Due to the COVID-19 pandemic, there has been uncertainty and disruption in the
global economy and financial markets. The estimates used for, but not limited
to, the collectability of accounts receivable and fair value of financial
instruments could be impacted. We have assessed the impact and are not aware of
any specific events or circumstances that required an update to our estimates
and assumptions or materially affected the carrying value of our assets or
liabilities as of the date of issuance of this Annual Report on Form 10-K. These
estimates may change as new events occur and additional information is obtained.
Actual results could differ materially from these estimates under different
assumptions or conditions.
22
Policies
Revenue Recognition
We recognize revenue from installation, digital marketing, sponsorship and
advertising fees and the sale of WiFi and communication solutions to customers.
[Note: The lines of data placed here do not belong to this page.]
Lemma prob_deg_S p k m : 0 <= p <= 1 ->
  prob_deg p (S (S k)) (S m)
  = (1 - p * INR (S m) / INR (S k)) * prob_deg p (S k) (S m)
    + p * INR m / INR (S k) * prob_deg p (S k) m.
Proof.
  intros Hp; unfold prob_deg; rewrite expect_S by exact Hp.
  rewrite <- expect_linear; apply expect_ext; intros d.
  assert (INR (S k) <> 0) by (apply not_0_INR; lia).
  destruct (Nat.eqb_spec d (S m)) as [->|H1].
  - rewrite (proj2 (Nat.eqb_neq (S (S m)) (S m))), (proj2 (Nat.eqb_neq (S m) m)) by lia.
    field; assumption.
  - destruct (Nat.eqb_spec d m) as [->|H2].
    + rewrite Nat.eqb_refl; field; assumption.
    + rewrite (proj2 (Nat.eqb_neq (S d) (S m))) by lia.
      field; assumption.
Qed.

Lemma prob_deg_formula p k m : 0 <= p <= 1 ->
  prob_deg p (S k) (S m) = (-1) ^ m * alt_binom_sum (- p) m k.
Proof.
  intros Hp; revert m; induction k as [|k IH]; intros m.
  - unfold prob_deg; rewrite expect_1, alt_binom_sum_0.
    destruct m; simpl; ring.
  - rewrite prob_deg_S, alt_binom_sum_S, IH by exact Hp.
    destruct m as [|m]; [change (INR 0) with 0; unfold Rdiv; ring|].
    rewrite IH; simpl pred; simpl pow; unfold Rdiv; ring.
Qed.

Lemma binomR_negbin a k : binomR (INR (S k) + a - 1) (S k - 1) = negbin (1 + a) k.
Proof.
  unfold negbin; replace (S k - 1)%nat with k by lia.
  f_equal; rewrite S_INR; ring.
Qed.

Lemma prob_deg_0 p n : 0 <= p <= 1 -> (1 <= n)%nat -> prob_deg p n 0 = 0.
Proof.
  intros Hp Hn; destruct n as [|k]; [lia|]; clear Hn.
  induction k as [|k IH]; unfold prob_deg in *; [rewrite expect_1; reflexivity|].
  rewrite expect_S by exact Hp.
  transitivity (expect p (S k) (fun d => if Nat.eqb d 0 then 1 else 0)); [|exact IH].
  apply expect_ext; intros [|d]; simpl; unfold Rdiv; ring.
Qed.

Lemma prob_deg_nonneg p n m : 0 <= p <= 1 -> (1 <= n)%nat -> 0 <= prob_deg p n m.
Proof.
  intros Hp Hn; apply fexpect_nonneg.
  - intros wG HwG; apply (sp_dist_support p n Hp Hn wG HwG).
  - intros d; destruct (Nat.eqb d m); lra.
Qed.

Lemma prob_deg_gt p n m : 0 <= p <= 1 -> (1 <= n)%nat -> (n < m)%nat -> prob_deg p n m = 0.
Proof.
  intros Hp Hn Hm; unfold prob_deg.
  rewrite (expect_eq_le p n _ (fun _ => 0 * 1 + 0 * 1)) by
    (auto; intros d Hd; rewrite (proj2 (Nat.eqb_neq d m)) by lia; ring).
  rewrite expect_linear; ring.
Qed.

(** * Euler's limit for the Gamma function *)

Lemma exp_le_mono x y : x <= y -> exp x <= exp y.
Proof.
  intros [Hlt | ->]; [left; apply exp_increasing; exact Hlt | right; reflexivity].
Qed.

Lemma ln_le_sub_1 y : 0 < y -> ln y <= y - 1.
Proof. intros Hy; pose proof (exp_ineq1_le (ln y)) as H; rewrite exp_ln in H by exact Hy; lra. Qed.

Lemma ln_succ_bounds n : (1 <= n)%nat ->
  1 / INR (S n) <= ln (INR (S n)) - ln (INR n) <= 1 / INR n.
Proof.
  intros Hn; assert (h0 : 0 < INR n) by (apply lt_0_INR; lia).
  rewrite S_INR; split.
  - pose proof (ln_le_sub_1 (INR n / (INR n + 1)) ltac:(apply Rdiv_lt_0_compat; lra)) as H.
    rewrite ln_div in H by lra.
    replace (INR n / (INR n + 1) - 1) with (- (1 / (INR n + 1))) in H by (field; lra); lra.
  - pose proof (ln_le_sub_1 ((INR n + 1) / INR n) ltac:(apply Rdiv_lt_0_compat; lra)) as H.
    rewrite ln_div in H by lra.
    replace ((INR n + 1) / INR n - 1) with (1 / INR n) in H by (field; lra); lra.
Qed.

Definition gamma_seq (x : R) (n : nat) : R :=
  INR (fact n) * Rpower (INR n) x / falling (x + INR n) (S n).

Definition gamma_ratio (x : R) (n : nat) : R :=
  INR (S n) / (x + INR (S n)) * exp (x * (ln (INR (S n)) - ln (INR n))).

Lemma falling_shift_pos x n : 0 < x -> 0 < falling (x + INR n) (S n).
Proof.
  intros Hx; induction n as [|n IH]; [simpl; lra|].
  rewrite falling_S_l; replace (x + INR (S n) - 1) with (x + INR n) by (rewrite S_INR; ring).
  apply Rmult_lt_0_compat; [pose proof (pos_INR (S n)); lra | exact IH].
Qed.

Lemma gamma_seq_pos x n : 0 < x -> 0 < gamma_seq x n.
Proof.
  intros Hx; unfold gamma_seq; apply Rdiv_lt_0_compat; [|apply falling_shift_pos; exact Hx].
  apply Rmult_lt_0_compat; [apply INR_fact_lt_0 | apply exp_pos].
Qed.

Lemma gamma_seq_S x n : 0 < x -> (1 <= n)%nat ->
  gamma_seq x (S n) = gamma_seq x n * gamma_ratio x n.
Proof.
  intros Hx Hn; unfold gamma_seq, gamma_ratio.
  rewrite fact_simpl, mult_INR, (falling_S_l (x + INR (S n))).
  replace (x + INR (S n) - 1) with (x + INR n) by (rewrite S_INR; ring).
  unfold Rpower.
  replace (x * ln (INR (S n))) with (x * ln (INR n) + x * (ln (INR (S n)) - ln (INR n))) by ring.
  rewrite exp_plus; pose proof (falling_shift_pos x n Hx); pose proof (pos_INR (S n)).
  field; lra.
Qed.

Lemma gamma_ratio_ge_1 x n : 0 < x -> (1 <= n)%nat -> 1 <= gamma_ratio x n.
Proof.
  intros Hx Hn; unfold gamma_ratio.
  destruct (ln_succ_bounds n Hn) as [Hlow _].
  assert (h0 : 0 < INR (S n)) by (apply lt_0_INR; lia).
  apply Rle_trans with (INR (S n) / (x + INR (S n)) * (1 + x * (1 / INR (S n)))).
  - right; field; lra.
  - apply Rmult_le_compat_l; [left; apply Rdiv_lt_0_compat; lra|].
    eapply Rle_trans, exp_ineq1_le; apply Rplus_le_compat_l, Rmult_le_compat_l; lra.
Qed.

(* From [m/(x+m) <= exp (-x/(x+m))] with [m = n+1] and the upper bound on [ln]. *)
Lemma gamma_ratio_le x n : 0 < x -> (1 <= n)%nat ->
  gamma_ratio x n <= exp (x * (1 + x) * (1 / INR n - 1 / INR (S n))).
Proof.
  intros Hx Hn; unfold gamma_ratio.
  destruct (ln_succ_bounds n Hn) as [_ Hup].
  assert (h0 : 0 < INR n) by (apply lt_0_INR; lia).
  rewrite S_INR in *.
  apply Rle_trans with (exp (- x / (x + (INR n + 1))) * exp (x * (1 / INR n))).
  - apply Rmult_le_compat; [left; apply Rdiv_lt_0_compat; lra | left; apply exp_pos | |].
    + eapply Rle_trans, exp_ineq1_le; right; field; lra.
    + apply exp_le_mono, Rmult_le_compat_l; lra.
  - rewrite <- exp_plus; apply exp_le_mono.
    apply Rle_trans with (x * (1 + x) / (INR n * (x + INR n + 1))); [right; field; lra|].
    replace (x * (1 + x) * (1 / INR n - 1 / (INR n + 1)))
      with (x * (1 + x) / (INR n * (INR n + 1))) by (field; lra).
    unfold Rdiv; apply Rmult_le_compat_l; [nra|]; apply Rinv_le_contravar; nra.
Qed.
Our policy is to record revenue from installation services upon reaching
identified milestones, "percentage of completion" as set out in our customer
agreements. Revenue from marketing, sponsorship and advertising is recognized
when the performance obligation is complete. Recurring revenue from WiFi and
communication solutions is recognized monthly in accordance with the terms of
the contract with the customer.
Research and Development Costs
Our policy is to charge research and development costs to operations as incurred
in accordance with ASC 730-Research and Development, except in those cases in
which such costs are reimbursable under customer funded contracts, in which case
these amounts are included in net sales with the related costs included in cost
of sales in each of the respective periods.
Estimates
Stock-Based Compensation
We use the fair value method to account for Stock-based compensation cost for
stock options or warrants, estimated at the grant date based on each
instrument's fair value as calculated by the Black-Scholes option pricing model.
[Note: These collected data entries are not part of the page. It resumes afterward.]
Definition Sset (st : state) (v : T) : {set T} := UN st v :|: N_H st v.

(* edges of the complete binary tree on the sequence s (0-indexed position
   i >= 1 has parent position (i-1)/2). d is an unused default. *)
Definition tree_edges (s : seq T) (d : T) : {set T * T} :=
  [set p in [seq (nth d s i, nth d s (i.-1)./2) | i <- iota 1 (size s).-1]].

Definition symE (E : {set T * T}) : {set T * T} :=
  E :|: [set (p.2, p.1) | p in E].

Definition restrict (A : {set T}) (E : {set T * T}) : {set T * T} :=
  [set p in E | (p.1 \in A) && (p.2 \in A)].

Definition hrel (E : {set T * T}) : rel T := fun x y => (x, y) \in E.

(* One round: the adversary deletes v; c is the arbitrarily chosen node
   receiving w(v) (None iff N(v,G') is empty); s is the ordering of S by
   increasing delta (ties broken arbitrarily). *)
Definition step (st : state) (v : T) (c : option T) (s : seq T)
    (st' : state) : Prop :=
  [/\ v \in alive st,
      match c with
      | Some c0 => c0 \in N_H st v
      | None => N_H st v = set0
      end,
      perm_eq s (enum (Sset st v)),
      sorted (fun a b => (delta st a <= delta st b)%R) s &
      st' =
        let A' := alive st :\ v in
        let TE := symE (tree_edges s v) in
        let H' := restrict A' (hE st) :|: TE in
        State A' (restrict A' (gE st) :|: TE) H'
          (fun u =>
             match [pick m in Sset st v |
                     [forall y in Sset st v, (cid st m <= cid st y)%R]] with
             | Some m =>
                 if [exists y in Sset st v, connect (hrel H') y u]
                 then cid st m else cid st u
             | None => cid st u
             end)
          (fun u => (wt st u + (if c == Some u then wt st v else 0))%N)].

Definition init : state :=
  State setT [set p | e0 p.1 p.2] set0 id0 (fun _ => 1%N).

Inductive reachable : state -> Prop :=
| reach0 : reachable init
| reachS st v c s st' : reachable st -> step st v c s st' -> reachable st'.

(* W(T(u,v)): total weight of the component of G' - v containing u. *)
Definition compW (st : state) (v u : T) : nat :=
  \sum_(x in alive st |
        connect (fun a b => [&& (a, b) \in hE st, a != v & b != v]) u x)
    wt st x.

Definition remv (st : state) (v : T) : nat :=
  (\sum_(u in N_H st v) compW st v u - \max_(u in N_H st v) compW st v u
   + wt st v)%N.

End Dash.

From HB Require Import structures.
From mathcomp Require Import all_boot all_order all_algebra.
From mathcomp Require Import reals.
From mathcomp Require Import zify.

Set Implicit Arguments.
Unset Strict Implicit.
Unset Printing Implicit Defensive.
Import Order.TTheory GRing.Theory Num.Theory.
We recognize stock-based compensation cost as expense ratably on a straight-line
basis over the requisite service period for the award.
Stock Settled Debt
In certain instances, the Company will issue convertible notes which contain a
provision in which the price of the conversion feature is priced at a fixed
discount to the trading price of the Company's common shares as traded in the
over-the-counter market. In these instances, the Company records a liability,
in addition to the principal amount of the convertible note, as stock-settled
debt for the fixed value transferred to the convertible note holder from the
fixed discount conversion feature.
Recent Accounting Pronouncements
In August 2020, the FASB issued ASU 2020-06 to simplify the current guidance for
convertible instruments and the derivatives scope exception for contracts in an
entity's own equity. Additionally, the amendments affect the diluted EPS
calculation for instruments that may be settled in cash or shares and for
convertible instruments. The update also provides for expanded disclosure
requirements to increase transparency. For SEC filers, excluding smaller
reporting companies, this update is effective for fiscal years beginning after
December 15, 2021, including interim periods within those fiscal years. Early
adoption is permitted. For all other entities, this update is effective for
fiscal years beginning after December 15, 2023, including interim periods
therein. The Company adopted this ASU effective January 1, 2021.
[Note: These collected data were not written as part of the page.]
Lemma shuf_coef_cons_false i w m :
  shuf_coef q (i :: w) (false :: m) = braid_char i (mask m w) * shuf_coef q w m.
Proof.
rewrite !shuf_coefE /= big_nat_recl // big_geq // mul1r /braid_char -prod_nth_mask -big_split.
by apply: eq_bigr => a _; rewrite big_nat_recl //= andbT.
Qed.

Lemma shuf_mul_nil f g : shuf_mul q f g [::] = f [::] * g [::].
Proof. by rewrite /shuf_mul /= big_seq1 /shuf_coef big_ord0 mul1r. Qed.

(* Twisted Leibniz rule: the first letter of a shuffle comes either from the left
   factor, or from the right one after being braided past the whole left factor. *)
Lemma shuf_mul_cons f g i w :
  shuf_mul q f g (i :: w) = shuf_mul q (der i f) g w + shuf_mul q (twist i f) (der i g) w.
Proof.
rewrite /shuf_mul /= big_cat !big_map; congr (_ + _); apply: eq_bigr => m _.
  by rewrite shuf_coef_cons_true.
by rewrite shuf_coef_cons_false /twist /der !mulrA (mulrC (braid_char _ _)).
Qed.

Lemma size_masks n : all (fun m => size m == n) (masks n).
Proof.
elim: n => [|n IH] //=; rewrite all_cat !all_map.
by apply/andP; split; apply: sub_all IH => m /=.
Qed.

Lemma twist_shuf_mul i f g w :
  twist i (shuf_mul q f g) w = shuf_mul q (twist i f) (twist i g) w.
Proof.
rewrite /twist /shuf_mul mulr_sumr !big_seq; apply: eq_bigr => m.
by move=> /(allP (size_masks _)) /eqP /braid_char_mask ->; ring.
Qed.

Lemma shuf_mul0l g : shuf_mul q (fun _ => 0) g = fun _ => 0.
Proof.
by apply: functional_extensionality => w; rewrite /shuf_mul big1 // => m _; rewrite mulr0 mul0r.
Qed.

Lemma shuf_mul0r f : shuf_mul q f (fun _ => 0) = fun _ => 0.
Proof.
by apply: functional_extensionality => w; rewrite /shuf_mul big1 // => m _; rewrite mulr0.
Qed.

Lemma shuf_mulZl c f g w : shuf_mul q (fun u => c * f u) g w = c * shuf_mul q f g w.
Proof. by rewrite /shuf_mul mulr_sumr; apply: eq_bigr => m _; ring. Qed.

Lemma shuf_mulZr c f g w : shuf_mul q f (fun u => c * g u) w = c * shuf_mul q f g w.
Proof. by rewrite /shuf_mul mulr_sumr; apply: eq_bigr => m _; ring. Qed.

Lemma shuf_mulDl f1 f2 g w :
  shuf_mul q (fun u => f1 u + f2 u) g w = shuf_mul q f1 g w + shuf_mul q f2 g w.
Proof. by rewrite /shuf_mul -big_split; apply: eq_bigr => m _ /=; ring. Qed.

Lemma shuf_mulDr f g1 g2 w :
  shuf_mul q f (fun u => g1 u + g2 u) w = shuf_mul q f g1 w + shuf_mul q f g2 w.
Proof. by rewrite /shuf_mul -big_split; apply: eq_bigr => m _ /=; ring. Qed.

Lemma der_one i : der i (shuf_one R) = fun _ => 0.
Proof. by []. Qed.

Lemma shuf_mul1l g : shuf_mul q (shuf_one R) g = g.
Proof.
apply: functional_extensionality => w; elim: w g => [|i w IH] g.
  by rewrite shuf_mul_nil mul1r.
rewrite shuf_mul_cons der_one shuf_mul0l add0r.
have -> : twist i (shuf_one R) = shuf_one R.
  apply: functional_extensionality => -[|k u]; rewrite /twist /shuf_one /= ?mulr0 //.
  by rewrite mulr1 /braid_char big_nil.
exact: IH.
Qed.

Lemma shuf_mul1r f : shuf_mul q f (shuf_one R) = f.
Proof.
apply: functional_extensionality => w; elim: w f => [|i w IH] f.
  by rewrite shuf_mul_nil mulr1.
by rewrite shuf_mul_cons der_one shuf_mul0r IH addr0.
Qed.

Lemma der_gen i j : der i (gen R j) = if i == j then shuf_one R else fun _ => 0.
Proof.
by apply: functional_extensionality => w; rewrite /der /gen eqseq_cons; case: (i == j).
Qed.

Definition xpow j n := shuf_pow q (gen R j) n.

Lemma xpowS j n : xpow j n.+1 = shuf_mul q (gen R j) (xpow j n).
Proof. by []. Qed.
The Company has reviewed all recently issued, but not yet effective, accounting
pronouncements and do not believe the future adoption of any such pronouncements
may be expected to cause a material impact on its financial condition or the
results of its operations.
Changes In and Disagreements with Accountants on Accounting and Financial
Disclosure
Since inception, we have had no changes in or disagreements with our
accountants. Our audited financial statements have been included in this
prospectus in reliance upon Pinnacle Accountancy Group of Utah (a dba of Heaton
& Company, PLLC), as experts in accounting and auditing.